* RECORDS FOR THE EXERCISE:
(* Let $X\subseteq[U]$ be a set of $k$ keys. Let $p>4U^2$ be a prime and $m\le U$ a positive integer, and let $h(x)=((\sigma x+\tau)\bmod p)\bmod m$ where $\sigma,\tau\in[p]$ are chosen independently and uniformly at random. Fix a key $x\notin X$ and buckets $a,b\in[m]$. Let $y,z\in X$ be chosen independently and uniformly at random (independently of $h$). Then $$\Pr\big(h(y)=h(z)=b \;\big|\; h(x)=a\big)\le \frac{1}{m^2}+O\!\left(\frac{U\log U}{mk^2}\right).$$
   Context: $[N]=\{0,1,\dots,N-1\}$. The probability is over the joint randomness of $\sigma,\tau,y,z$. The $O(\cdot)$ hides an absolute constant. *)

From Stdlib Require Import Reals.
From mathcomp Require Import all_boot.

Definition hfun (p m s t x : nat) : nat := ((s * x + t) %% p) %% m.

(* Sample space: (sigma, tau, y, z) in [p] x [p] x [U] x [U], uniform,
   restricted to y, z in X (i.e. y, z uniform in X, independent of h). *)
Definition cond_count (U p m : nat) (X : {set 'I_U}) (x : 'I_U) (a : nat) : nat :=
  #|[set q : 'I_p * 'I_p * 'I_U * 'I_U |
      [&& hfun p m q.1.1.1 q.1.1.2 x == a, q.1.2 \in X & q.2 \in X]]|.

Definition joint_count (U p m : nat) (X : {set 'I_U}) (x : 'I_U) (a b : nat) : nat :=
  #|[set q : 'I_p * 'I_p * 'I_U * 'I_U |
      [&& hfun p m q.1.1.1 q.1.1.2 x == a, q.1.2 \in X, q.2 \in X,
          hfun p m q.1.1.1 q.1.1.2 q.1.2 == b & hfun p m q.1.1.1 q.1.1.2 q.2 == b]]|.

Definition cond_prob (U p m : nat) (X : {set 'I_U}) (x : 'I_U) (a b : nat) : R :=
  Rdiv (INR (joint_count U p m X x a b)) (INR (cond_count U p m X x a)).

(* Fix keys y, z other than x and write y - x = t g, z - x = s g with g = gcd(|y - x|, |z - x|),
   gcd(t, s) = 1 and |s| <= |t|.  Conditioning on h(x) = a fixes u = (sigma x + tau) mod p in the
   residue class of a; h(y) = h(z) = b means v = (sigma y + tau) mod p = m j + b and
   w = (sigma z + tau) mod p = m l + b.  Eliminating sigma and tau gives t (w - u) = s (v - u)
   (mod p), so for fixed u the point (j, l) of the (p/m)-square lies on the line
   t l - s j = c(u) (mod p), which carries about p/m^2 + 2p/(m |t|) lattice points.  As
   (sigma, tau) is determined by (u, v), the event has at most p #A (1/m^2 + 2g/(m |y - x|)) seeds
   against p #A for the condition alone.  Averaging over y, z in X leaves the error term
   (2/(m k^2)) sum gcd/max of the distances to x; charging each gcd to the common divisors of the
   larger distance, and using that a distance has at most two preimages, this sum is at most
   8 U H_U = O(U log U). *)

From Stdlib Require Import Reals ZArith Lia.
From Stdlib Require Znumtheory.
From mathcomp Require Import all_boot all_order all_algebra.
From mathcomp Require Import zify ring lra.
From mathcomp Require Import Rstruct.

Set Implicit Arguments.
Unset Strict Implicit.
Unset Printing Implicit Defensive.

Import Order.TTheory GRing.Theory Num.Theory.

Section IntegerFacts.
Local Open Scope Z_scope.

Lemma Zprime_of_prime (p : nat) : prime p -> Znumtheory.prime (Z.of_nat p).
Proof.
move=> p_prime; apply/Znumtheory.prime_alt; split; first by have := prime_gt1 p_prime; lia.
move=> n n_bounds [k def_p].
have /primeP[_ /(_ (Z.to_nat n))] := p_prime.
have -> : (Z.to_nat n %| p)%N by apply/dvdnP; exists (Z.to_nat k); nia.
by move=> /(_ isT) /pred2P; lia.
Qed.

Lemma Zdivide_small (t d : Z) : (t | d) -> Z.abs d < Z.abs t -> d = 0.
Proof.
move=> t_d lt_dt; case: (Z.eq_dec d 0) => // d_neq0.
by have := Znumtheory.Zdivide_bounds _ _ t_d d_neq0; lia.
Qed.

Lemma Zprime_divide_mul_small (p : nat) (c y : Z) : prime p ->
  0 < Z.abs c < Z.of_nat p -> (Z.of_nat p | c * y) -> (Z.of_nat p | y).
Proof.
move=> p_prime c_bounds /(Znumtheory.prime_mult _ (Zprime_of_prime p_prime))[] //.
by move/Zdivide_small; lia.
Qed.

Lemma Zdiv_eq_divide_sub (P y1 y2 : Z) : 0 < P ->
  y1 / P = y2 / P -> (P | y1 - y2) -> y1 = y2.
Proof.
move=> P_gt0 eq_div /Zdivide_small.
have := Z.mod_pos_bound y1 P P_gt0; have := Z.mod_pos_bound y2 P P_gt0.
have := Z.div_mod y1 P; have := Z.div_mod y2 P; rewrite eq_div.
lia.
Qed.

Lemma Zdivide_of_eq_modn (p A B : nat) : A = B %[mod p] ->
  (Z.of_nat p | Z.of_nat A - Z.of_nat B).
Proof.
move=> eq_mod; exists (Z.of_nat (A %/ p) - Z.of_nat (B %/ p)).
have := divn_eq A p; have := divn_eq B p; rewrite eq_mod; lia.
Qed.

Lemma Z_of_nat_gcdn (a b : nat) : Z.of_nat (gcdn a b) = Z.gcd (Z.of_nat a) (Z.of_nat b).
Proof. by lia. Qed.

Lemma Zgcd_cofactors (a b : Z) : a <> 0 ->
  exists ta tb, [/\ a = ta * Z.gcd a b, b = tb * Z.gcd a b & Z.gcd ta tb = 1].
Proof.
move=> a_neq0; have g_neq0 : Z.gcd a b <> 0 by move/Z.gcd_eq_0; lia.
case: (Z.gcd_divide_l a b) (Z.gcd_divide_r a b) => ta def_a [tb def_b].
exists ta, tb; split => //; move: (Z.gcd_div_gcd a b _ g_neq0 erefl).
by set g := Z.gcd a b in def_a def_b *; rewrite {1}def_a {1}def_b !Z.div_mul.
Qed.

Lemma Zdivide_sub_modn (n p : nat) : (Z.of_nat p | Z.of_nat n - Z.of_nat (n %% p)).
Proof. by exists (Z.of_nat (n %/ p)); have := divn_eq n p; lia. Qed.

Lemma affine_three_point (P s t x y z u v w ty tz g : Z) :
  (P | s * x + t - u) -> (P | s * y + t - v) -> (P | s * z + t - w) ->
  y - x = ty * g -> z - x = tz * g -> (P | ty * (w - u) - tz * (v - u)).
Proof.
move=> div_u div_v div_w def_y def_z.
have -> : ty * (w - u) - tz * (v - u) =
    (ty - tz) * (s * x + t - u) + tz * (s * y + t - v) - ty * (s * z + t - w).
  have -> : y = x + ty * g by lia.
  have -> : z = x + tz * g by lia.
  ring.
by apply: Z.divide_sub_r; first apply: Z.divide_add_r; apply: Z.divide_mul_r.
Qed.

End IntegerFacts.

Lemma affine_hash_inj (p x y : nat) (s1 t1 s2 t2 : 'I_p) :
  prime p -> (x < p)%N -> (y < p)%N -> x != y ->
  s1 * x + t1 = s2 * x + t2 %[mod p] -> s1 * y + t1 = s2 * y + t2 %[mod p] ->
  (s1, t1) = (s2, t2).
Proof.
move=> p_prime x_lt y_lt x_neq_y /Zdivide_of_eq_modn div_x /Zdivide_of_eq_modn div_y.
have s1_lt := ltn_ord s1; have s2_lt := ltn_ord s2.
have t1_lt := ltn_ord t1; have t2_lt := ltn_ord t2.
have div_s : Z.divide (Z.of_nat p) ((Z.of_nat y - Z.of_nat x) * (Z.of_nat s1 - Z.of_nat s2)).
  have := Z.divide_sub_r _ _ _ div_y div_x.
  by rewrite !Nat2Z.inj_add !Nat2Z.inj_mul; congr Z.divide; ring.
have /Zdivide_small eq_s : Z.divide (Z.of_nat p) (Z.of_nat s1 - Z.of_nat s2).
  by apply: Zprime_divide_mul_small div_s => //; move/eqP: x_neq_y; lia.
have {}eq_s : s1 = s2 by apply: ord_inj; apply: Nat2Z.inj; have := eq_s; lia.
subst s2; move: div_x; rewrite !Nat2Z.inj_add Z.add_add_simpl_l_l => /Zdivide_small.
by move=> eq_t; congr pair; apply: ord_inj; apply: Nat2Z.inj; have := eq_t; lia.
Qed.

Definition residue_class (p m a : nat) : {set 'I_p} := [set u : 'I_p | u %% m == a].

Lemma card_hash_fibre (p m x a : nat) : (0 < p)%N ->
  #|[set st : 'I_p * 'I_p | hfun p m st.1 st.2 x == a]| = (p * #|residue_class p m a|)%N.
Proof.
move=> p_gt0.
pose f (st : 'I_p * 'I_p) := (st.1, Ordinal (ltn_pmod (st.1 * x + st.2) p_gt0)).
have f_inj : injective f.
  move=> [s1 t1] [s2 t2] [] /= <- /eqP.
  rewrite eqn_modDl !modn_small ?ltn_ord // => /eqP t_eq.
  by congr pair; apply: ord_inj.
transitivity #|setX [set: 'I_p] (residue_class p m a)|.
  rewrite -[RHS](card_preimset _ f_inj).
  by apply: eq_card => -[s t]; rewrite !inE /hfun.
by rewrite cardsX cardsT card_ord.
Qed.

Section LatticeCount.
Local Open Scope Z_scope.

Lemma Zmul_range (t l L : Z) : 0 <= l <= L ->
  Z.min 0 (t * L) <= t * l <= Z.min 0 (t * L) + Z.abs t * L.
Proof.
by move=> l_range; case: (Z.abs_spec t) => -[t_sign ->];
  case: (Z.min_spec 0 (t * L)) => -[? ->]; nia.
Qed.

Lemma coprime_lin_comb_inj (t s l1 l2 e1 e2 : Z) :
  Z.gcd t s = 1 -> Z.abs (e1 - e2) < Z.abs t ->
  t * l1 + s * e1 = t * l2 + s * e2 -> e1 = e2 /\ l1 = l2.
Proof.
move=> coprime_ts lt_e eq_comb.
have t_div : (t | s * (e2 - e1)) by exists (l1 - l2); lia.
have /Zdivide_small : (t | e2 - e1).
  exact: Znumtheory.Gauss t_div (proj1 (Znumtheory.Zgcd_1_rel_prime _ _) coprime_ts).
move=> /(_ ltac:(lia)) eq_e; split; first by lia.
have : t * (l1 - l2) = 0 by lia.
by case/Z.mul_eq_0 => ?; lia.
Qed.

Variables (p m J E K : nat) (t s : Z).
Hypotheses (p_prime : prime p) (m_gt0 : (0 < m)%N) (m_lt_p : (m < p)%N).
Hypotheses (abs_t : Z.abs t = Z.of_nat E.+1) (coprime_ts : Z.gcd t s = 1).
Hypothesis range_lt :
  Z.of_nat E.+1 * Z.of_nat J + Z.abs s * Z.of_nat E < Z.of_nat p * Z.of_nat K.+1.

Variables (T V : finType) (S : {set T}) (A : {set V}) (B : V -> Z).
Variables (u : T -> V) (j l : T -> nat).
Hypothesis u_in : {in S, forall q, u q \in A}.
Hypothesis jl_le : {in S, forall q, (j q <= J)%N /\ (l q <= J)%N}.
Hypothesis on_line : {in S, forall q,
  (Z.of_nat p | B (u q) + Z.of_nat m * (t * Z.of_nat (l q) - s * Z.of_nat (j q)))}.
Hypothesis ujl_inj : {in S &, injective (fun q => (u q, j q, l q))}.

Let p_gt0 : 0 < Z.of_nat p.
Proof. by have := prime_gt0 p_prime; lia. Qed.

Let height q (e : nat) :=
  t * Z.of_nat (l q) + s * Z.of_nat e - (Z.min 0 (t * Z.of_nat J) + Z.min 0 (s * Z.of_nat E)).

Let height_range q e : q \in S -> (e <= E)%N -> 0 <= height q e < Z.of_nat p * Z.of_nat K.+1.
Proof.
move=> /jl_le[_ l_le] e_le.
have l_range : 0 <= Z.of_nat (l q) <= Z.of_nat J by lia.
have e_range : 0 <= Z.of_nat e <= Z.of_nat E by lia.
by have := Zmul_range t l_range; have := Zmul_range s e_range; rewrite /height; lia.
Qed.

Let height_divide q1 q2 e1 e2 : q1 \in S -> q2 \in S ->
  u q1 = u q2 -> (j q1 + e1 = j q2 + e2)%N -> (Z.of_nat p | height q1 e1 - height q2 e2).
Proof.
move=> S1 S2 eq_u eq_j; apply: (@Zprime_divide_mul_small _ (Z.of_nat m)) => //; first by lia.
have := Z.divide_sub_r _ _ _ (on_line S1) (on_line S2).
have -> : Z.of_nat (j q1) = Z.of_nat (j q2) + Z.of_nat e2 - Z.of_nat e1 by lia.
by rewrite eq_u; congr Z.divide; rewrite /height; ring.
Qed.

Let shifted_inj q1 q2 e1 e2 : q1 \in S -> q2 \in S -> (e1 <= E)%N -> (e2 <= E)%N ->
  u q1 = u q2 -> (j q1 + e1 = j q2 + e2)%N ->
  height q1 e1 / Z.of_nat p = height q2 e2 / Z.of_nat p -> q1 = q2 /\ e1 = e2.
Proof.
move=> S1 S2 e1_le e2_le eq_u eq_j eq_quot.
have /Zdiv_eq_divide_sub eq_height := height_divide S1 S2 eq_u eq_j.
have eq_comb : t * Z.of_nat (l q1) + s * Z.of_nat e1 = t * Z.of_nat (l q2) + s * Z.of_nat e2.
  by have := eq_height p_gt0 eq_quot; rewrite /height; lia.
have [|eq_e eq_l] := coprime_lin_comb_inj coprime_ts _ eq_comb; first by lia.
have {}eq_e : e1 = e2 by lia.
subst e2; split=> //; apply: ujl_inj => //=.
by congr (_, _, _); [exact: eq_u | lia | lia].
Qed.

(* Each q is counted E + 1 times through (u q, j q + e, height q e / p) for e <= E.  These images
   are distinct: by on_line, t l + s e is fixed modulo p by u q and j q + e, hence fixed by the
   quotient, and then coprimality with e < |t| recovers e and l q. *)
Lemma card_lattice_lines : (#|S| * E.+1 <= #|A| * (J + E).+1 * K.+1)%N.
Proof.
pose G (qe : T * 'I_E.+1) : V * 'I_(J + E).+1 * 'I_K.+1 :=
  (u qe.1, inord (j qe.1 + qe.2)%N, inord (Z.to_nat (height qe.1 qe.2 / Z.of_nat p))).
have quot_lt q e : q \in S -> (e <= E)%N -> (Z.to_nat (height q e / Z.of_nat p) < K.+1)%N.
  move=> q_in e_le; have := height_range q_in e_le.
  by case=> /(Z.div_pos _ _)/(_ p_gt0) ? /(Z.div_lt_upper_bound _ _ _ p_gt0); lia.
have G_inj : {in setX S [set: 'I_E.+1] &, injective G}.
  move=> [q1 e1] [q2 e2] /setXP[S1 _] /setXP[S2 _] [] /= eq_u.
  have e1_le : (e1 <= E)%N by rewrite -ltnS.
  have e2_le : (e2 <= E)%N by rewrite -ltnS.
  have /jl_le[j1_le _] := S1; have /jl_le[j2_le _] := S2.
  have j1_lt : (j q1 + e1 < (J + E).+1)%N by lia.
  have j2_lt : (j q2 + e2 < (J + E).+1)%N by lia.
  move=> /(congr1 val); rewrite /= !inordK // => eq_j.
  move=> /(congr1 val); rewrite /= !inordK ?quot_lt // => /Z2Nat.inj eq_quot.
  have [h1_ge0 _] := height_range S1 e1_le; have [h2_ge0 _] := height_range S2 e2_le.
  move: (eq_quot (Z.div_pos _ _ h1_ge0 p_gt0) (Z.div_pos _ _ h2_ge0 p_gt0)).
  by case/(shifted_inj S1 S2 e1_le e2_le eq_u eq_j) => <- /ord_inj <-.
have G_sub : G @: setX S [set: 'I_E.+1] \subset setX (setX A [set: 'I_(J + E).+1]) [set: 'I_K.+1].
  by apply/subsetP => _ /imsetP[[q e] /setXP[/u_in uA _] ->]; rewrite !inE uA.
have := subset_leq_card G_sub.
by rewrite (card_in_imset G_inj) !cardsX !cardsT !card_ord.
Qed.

* PROBLEM REQUIREMENTS: Wherever the string "hfun" appears in the entries above, list that line.

* ANSWER FOR THE TASK:
Definition hfun (p m s t x : nat) : nat := ((s * x + t) %% p) %% m.
      [&& hfun p m q.1.1.1 q.1.1.2 x == a, q.1.2 \in X & q.2 \in X]]|.
      [&& hfun p m q.1.1.1 q.1.1.2 x == a, q.1.2 \in X, q.2 \in X,
          hfun p m q.1.1.1 q.1.1.2 q.1.2 == b & hfun p m q.1.1.1 q.1.1.2 q.2 == b]]|.
  #|[set st : 'I_p * 'I_p | hfun p m st.1 st.2 x == a]| = (p * #|residue_class p m a|)%N.
  by apply: eq_card => -[s t]; rewrite !inE /hfun.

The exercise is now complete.